Supplied data
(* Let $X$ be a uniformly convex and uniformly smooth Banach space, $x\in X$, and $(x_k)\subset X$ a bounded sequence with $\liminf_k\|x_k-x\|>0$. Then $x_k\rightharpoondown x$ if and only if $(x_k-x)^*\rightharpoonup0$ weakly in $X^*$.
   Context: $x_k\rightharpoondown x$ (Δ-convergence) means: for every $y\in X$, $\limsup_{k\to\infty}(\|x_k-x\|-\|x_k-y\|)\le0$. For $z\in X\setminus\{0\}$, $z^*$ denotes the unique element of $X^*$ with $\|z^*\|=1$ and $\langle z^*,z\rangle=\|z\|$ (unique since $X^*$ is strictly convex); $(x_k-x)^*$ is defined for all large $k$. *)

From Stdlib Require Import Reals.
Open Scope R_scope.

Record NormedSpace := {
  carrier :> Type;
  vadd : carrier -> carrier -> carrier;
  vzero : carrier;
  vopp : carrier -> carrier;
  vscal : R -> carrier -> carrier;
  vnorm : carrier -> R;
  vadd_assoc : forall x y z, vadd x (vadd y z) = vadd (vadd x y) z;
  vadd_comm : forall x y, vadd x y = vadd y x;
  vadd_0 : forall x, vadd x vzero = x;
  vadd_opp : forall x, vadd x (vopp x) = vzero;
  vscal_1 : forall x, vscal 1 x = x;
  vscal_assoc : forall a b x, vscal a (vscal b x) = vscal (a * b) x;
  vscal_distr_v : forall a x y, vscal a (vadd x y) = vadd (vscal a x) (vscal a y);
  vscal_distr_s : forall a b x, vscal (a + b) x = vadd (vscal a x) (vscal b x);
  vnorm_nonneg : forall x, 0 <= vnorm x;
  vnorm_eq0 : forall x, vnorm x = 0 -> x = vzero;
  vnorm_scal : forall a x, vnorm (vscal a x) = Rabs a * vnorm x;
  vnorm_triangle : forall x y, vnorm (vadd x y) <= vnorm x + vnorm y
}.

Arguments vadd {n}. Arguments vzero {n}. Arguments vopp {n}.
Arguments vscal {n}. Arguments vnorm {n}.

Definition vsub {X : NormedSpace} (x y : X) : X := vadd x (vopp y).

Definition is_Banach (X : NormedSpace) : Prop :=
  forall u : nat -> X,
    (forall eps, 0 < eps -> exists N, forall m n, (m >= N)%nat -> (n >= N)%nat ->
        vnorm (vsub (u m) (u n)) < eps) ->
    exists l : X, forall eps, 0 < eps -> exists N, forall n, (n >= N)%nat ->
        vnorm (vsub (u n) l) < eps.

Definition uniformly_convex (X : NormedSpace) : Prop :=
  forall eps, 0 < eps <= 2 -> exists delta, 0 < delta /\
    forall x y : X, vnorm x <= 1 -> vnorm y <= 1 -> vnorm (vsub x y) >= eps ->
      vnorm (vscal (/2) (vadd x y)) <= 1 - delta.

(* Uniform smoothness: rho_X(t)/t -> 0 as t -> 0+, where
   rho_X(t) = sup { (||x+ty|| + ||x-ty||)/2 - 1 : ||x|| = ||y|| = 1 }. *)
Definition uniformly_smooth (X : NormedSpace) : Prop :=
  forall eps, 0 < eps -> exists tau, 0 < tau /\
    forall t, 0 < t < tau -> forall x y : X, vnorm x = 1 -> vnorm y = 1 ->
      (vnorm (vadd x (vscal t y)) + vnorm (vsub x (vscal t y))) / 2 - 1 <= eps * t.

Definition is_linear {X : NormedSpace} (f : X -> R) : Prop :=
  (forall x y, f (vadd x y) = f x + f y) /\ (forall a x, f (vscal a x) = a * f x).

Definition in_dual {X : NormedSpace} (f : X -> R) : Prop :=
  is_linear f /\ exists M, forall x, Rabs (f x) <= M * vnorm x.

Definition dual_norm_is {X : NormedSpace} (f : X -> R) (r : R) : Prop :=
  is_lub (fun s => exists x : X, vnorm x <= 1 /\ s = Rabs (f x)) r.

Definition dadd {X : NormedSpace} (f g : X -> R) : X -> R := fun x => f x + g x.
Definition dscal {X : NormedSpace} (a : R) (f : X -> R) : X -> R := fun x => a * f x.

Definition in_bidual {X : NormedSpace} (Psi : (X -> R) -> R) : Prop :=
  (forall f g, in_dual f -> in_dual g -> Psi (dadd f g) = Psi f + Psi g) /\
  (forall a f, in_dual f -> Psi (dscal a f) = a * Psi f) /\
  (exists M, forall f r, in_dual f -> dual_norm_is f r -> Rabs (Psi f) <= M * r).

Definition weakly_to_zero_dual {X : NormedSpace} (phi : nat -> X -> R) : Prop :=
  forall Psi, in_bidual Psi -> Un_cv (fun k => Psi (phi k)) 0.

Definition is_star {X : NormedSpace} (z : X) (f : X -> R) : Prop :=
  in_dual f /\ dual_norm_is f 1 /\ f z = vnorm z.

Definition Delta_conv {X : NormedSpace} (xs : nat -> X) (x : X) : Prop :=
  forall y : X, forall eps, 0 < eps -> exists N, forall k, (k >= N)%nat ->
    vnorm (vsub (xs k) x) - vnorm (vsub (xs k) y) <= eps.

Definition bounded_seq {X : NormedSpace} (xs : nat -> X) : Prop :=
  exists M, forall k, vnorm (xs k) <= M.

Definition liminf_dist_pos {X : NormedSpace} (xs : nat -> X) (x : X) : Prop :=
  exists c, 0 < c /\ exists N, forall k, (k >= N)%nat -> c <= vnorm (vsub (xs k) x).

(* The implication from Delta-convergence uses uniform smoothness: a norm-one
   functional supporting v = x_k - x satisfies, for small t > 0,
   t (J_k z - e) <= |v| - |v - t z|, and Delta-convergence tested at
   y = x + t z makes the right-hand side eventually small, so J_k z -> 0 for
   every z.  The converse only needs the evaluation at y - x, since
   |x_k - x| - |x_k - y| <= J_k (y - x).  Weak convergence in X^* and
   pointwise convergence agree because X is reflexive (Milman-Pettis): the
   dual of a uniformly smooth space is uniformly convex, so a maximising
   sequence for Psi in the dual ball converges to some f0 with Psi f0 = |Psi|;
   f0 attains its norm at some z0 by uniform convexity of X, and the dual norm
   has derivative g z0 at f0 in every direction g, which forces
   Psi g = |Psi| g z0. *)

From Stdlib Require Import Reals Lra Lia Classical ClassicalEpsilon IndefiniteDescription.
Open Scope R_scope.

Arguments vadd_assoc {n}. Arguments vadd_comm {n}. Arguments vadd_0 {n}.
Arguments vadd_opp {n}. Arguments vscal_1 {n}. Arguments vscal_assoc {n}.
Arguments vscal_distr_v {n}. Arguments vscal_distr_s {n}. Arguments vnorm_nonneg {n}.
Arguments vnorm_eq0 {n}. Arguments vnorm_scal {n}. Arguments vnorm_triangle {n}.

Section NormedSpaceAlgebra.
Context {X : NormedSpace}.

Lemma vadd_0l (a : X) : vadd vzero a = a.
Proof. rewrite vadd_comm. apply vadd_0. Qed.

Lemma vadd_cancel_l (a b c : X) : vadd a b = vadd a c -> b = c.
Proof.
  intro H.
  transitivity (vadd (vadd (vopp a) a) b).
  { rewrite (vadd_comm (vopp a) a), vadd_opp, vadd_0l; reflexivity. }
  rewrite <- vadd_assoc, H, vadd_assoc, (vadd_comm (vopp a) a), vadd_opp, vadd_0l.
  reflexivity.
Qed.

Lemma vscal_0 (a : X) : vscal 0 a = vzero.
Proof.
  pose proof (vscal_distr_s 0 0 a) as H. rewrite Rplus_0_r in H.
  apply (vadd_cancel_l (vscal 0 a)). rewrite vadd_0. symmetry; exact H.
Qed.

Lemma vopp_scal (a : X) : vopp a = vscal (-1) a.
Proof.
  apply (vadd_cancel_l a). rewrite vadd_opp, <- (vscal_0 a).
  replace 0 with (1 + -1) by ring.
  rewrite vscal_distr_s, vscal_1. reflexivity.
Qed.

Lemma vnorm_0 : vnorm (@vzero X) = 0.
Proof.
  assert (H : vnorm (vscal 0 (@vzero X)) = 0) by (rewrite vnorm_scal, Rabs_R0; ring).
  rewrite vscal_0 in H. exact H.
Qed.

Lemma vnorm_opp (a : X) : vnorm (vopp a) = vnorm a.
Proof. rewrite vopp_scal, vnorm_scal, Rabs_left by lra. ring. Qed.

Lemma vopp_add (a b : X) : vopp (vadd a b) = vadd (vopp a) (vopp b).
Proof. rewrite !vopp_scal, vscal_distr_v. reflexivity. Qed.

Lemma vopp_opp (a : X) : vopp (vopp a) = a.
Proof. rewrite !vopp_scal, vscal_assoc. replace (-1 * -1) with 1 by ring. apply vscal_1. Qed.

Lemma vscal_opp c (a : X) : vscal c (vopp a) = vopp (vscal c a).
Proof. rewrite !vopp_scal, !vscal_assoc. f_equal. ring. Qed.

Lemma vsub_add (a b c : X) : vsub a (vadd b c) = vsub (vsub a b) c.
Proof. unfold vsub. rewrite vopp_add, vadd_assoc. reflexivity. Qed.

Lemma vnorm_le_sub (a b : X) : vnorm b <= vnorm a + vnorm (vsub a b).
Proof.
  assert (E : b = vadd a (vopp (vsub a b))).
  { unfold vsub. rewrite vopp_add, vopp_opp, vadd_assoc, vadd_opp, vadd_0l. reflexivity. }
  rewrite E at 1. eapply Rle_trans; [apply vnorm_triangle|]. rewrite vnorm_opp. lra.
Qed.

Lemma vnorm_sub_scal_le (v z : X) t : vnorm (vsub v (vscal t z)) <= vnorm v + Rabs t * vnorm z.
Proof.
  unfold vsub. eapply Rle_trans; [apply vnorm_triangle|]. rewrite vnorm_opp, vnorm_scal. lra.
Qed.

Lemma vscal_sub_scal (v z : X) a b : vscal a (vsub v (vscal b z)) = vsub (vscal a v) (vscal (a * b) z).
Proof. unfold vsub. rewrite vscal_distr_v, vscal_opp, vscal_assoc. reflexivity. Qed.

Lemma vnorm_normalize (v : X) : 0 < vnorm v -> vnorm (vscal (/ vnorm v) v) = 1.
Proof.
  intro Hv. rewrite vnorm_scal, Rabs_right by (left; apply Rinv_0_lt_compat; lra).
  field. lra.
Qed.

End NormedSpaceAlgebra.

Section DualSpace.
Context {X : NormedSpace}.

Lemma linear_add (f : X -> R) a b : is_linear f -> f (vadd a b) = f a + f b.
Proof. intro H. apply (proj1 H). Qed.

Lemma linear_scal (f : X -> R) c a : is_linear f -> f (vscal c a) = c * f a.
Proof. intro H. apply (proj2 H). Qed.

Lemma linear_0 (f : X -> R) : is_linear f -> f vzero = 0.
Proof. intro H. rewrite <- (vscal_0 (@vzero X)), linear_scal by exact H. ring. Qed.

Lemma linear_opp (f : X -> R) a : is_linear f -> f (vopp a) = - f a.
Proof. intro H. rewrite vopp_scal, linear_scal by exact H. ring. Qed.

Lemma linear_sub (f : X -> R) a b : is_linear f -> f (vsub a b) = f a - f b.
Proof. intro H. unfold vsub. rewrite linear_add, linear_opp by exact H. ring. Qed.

Problem
Set the material down exactly as written, starting at its first line. The line containing "vadd_opp : forall" is the last one to include.

Task solution
(* Let $X$ be a uniformly convex and uniformly smooth Banach space, $x\in X$, and $(x_k)\subset X$ a bounded sequence with $\liminf_k\|x_k-x\|>0$. Then $x_k\rightharpoondown x$ if and only if $(x_k-x)^*\rightharpoonup0$ weakly in $X^*$.
   Context: $x_k\rightharpoondown x$ (Δ-convergence) means: for every $y\in X$, $\limsup_{k\to\infty}(\|x_k-x\|-\|x_k-y\|)\le0$. For $z\in X\setminus\{0\}$, $z^*$ denotes the unique element of $X^*$ with $\|z^*\|=1$ and $\langle z^*,z\rangle=\|z\|$ (unique since $X^*$ is strictly convex); $(x_k-x)^*$ is defined for all large $k$. *)

From Stdlib Require Import Reals.
Open Scope R_scope.

Record NormedSpace := {
  carrier :> Type;
  vadd : carrier -> carrier -> carrier;
  vzero : carrier;
  vopp : carrier -> carrier;
  vscal : R -> carrier -> carrier;
  vnorm : carrier -> R;
  vadd_assoc : forall x y z, vadd x (vadd y z) = vadd (vadd x y) z;
  vadd_comm : forall x y, vadd x y = vadd y x;
  vadd_0 : forall x, vadd x vzero = x;
  vadd_opp : forall x, vadd x (vopp x) = vzero;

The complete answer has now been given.